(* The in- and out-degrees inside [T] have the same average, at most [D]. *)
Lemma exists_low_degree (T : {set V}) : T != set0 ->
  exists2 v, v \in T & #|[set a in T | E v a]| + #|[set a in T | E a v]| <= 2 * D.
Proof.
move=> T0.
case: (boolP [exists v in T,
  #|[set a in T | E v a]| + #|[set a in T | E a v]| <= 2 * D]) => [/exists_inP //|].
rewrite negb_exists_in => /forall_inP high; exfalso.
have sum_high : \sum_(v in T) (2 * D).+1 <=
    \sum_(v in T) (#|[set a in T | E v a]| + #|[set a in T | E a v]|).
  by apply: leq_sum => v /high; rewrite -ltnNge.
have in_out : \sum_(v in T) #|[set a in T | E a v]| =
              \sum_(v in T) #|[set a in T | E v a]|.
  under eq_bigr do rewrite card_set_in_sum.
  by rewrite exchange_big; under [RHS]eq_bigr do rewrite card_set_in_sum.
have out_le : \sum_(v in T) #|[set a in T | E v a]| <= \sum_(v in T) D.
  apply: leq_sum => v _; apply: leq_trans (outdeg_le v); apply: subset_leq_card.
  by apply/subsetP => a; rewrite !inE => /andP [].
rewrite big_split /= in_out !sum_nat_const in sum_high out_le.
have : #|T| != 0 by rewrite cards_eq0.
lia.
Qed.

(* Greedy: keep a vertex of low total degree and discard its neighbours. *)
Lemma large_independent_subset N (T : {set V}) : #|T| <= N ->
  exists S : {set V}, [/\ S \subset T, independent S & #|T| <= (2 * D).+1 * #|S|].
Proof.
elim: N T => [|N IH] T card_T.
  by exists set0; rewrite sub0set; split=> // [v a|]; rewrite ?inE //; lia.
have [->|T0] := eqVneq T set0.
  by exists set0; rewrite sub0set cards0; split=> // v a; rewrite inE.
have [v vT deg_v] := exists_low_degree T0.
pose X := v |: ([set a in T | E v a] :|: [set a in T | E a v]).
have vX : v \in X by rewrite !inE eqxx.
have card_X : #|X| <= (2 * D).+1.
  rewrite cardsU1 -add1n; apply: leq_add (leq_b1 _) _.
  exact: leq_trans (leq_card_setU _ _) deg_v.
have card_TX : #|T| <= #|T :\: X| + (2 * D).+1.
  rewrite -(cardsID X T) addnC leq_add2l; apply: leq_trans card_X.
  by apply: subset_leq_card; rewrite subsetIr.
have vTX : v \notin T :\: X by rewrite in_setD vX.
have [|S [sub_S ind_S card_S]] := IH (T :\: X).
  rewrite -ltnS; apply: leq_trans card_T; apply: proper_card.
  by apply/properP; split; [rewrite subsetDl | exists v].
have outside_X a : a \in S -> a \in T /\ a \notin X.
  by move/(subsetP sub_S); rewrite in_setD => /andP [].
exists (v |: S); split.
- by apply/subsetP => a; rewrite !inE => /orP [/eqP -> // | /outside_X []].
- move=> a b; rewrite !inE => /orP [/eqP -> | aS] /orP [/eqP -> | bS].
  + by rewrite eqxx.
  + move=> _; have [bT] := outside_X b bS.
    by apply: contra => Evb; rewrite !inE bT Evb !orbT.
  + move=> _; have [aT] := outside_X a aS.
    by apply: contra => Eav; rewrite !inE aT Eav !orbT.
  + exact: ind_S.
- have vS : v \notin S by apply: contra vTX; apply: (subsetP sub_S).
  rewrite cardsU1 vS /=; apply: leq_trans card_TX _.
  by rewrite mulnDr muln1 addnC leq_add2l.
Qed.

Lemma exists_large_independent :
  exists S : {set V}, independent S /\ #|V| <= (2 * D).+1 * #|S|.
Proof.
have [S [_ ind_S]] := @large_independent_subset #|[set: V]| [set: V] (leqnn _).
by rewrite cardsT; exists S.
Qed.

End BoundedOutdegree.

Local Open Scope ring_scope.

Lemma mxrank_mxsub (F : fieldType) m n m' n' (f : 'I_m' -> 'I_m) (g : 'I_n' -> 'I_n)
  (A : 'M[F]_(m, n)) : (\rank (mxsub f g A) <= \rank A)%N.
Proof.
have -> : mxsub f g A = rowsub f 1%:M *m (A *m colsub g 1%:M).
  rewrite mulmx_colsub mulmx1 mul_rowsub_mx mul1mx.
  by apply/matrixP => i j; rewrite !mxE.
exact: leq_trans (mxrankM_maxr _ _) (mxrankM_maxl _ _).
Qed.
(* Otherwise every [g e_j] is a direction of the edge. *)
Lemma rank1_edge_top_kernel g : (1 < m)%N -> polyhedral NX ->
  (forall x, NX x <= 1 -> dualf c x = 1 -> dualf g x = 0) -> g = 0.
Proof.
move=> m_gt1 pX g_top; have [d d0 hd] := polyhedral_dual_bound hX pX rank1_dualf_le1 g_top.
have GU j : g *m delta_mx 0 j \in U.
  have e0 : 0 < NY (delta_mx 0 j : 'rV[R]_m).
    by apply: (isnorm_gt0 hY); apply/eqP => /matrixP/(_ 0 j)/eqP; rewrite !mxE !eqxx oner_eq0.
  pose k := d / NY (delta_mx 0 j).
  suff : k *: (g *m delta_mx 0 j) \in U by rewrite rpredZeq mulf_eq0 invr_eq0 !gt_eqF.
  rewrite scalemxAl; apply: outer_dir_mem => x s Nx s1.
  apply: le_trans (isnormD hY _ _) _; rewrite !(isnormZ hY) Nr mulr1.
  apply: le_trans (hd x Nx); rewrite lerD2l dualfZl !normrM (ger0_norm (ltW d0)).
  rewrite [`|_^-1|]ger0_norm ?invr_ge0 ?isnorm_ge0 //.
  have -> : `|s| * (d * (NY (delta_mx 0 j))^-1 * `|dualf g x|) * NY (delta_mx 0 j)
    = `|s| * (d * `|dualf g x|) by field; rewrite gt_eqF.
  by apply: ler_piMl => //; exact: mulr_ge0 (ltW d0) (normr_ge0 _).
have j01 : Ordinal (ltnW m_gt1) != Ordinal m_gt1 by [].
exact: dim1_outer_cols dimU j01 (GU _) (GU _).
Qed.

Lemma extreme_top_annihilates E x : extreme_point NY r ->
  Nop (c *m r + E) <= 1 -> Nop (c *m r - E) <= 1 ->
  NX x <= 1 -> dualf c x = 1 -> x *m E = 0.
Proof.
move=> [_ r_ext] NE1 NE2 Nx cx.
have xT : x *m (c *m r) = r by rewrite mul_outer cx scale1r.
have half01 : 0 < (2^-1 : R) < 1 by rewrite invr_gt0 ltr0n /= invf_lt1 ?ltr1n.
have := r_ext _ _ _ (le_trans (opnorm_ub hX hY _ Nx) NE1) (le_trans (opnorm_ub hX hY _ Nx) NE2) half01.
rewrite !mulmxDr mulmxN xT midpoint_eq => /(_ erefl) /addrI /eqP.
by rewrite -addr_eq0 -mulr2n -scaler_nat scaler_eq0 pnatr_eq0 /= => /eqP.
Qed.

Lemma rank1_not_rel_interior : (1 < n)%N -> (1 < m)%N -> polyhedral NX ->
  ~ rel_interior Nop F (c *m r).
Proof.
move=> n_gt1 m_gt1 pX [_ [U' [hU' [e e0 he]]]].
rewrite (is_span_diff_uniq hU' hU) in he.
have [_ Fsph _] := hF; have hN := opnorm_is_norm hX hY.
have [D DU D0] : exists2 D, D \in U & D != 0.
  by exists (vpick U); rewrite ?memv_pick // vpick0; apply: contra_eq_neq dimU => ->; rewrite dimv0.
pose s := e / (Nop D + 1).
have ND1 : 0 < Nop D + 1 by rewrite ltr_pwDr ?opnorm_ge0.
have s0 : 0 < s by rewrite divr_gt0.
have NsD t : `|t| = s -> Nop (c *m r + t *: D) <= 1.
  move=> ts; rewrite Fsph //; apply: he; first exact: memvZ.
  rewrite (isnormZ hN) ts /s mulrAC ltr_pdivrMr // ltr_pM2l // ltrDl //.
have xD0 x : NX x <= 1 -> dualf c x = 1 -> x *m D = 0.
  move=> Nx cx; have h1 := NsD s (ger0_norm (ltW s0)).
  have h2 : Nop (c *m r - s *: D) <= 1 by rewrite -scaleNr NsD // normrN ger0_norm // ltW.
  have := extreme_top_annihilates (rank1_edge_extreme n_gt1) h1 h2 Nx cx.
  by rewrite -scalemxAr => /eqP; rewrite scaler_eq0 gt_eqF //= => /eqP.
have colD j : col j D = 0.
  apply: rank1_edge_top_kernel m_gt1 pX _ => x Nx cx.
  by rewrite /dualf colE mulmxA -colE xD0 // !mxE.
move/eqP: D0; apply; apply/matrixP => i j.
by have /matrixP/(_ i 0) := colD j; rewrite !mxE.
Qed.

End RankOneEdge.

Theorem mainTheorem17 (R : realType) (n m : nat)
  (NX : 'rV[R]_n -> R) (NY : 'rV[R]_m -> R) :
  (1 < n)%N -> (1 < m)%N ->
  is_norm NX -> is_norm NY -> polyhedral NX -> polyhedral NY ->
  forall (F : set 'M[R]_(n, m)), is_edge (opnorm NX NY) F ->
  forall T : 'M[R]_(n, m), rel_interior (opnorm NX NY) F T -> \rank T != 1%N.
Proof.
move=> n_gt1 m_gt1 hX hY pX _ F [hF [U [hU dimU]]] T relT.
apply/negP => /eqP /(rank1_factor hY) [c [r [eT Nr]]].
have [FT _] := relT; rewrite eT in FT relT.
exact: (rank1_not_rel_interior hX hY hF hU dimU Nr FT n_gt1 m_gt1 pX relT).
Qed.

The task -
Of the lines above, retype only those from the line containing "by rewrite -addr_eq0" through the line containing "have h2 : Nop", including both, exactly.

Written solution -
by rewrite -addr_eq0 -mulr2n -scaler_nat scaler_eq0 pnatr_eq0 /= => /eqP.
Qed.

Lemma rank1_not_rel_interior : (1 < n)%N -> (1 < m)%N -> polyhedral NX ->
  ~ rel_interior Nop F (c *m r).
Proof.
move=> n_gt1 m_gt1 pX [_ [U' [hU' [e e0 he]]]].
rewrite (is_span_diff_uniq hU' hU) in he.
have [_ Fsph _] := hF; have hN := opnorm_is_norm hX hY.
have [D DU D0] : exists2 D, D \in U & D != 0.
  by exists (vpick U); rewrite ?memv_pick // vpick0; apply: contra_eq_neq dimU => ->; rewrite dimv0.
pose s := e / (Nop D + 1).
have ND1 : 0 < Nop D + 1 by rewrite ltr_pwDr ?opnorm_ge0.
have s0 : 0 < s by rewrite divr_gt0.
have NsD t : `|t| = s -> Nop (c *m r + t *: D) <= 1.
  move=> ts; rewrite Fsph //; apply: he; first exact: memvZ.
  rewrite (isnormZ hN) ts /s mulrAC ltr_pdivrMr // ltr_pM2l // ltrDl //.
have xD0 x : NX x <= 1 -> dualf c x = 1 -> x *m D = 0.
  move=> Nx cx; have h1 := NsD s (ger0_norm (ltW s0)).
  have h2 : Nop (c *m r - s *: D) <= 1 by rewrite -scaleNr NsD // normrN ger0_norm // ltW.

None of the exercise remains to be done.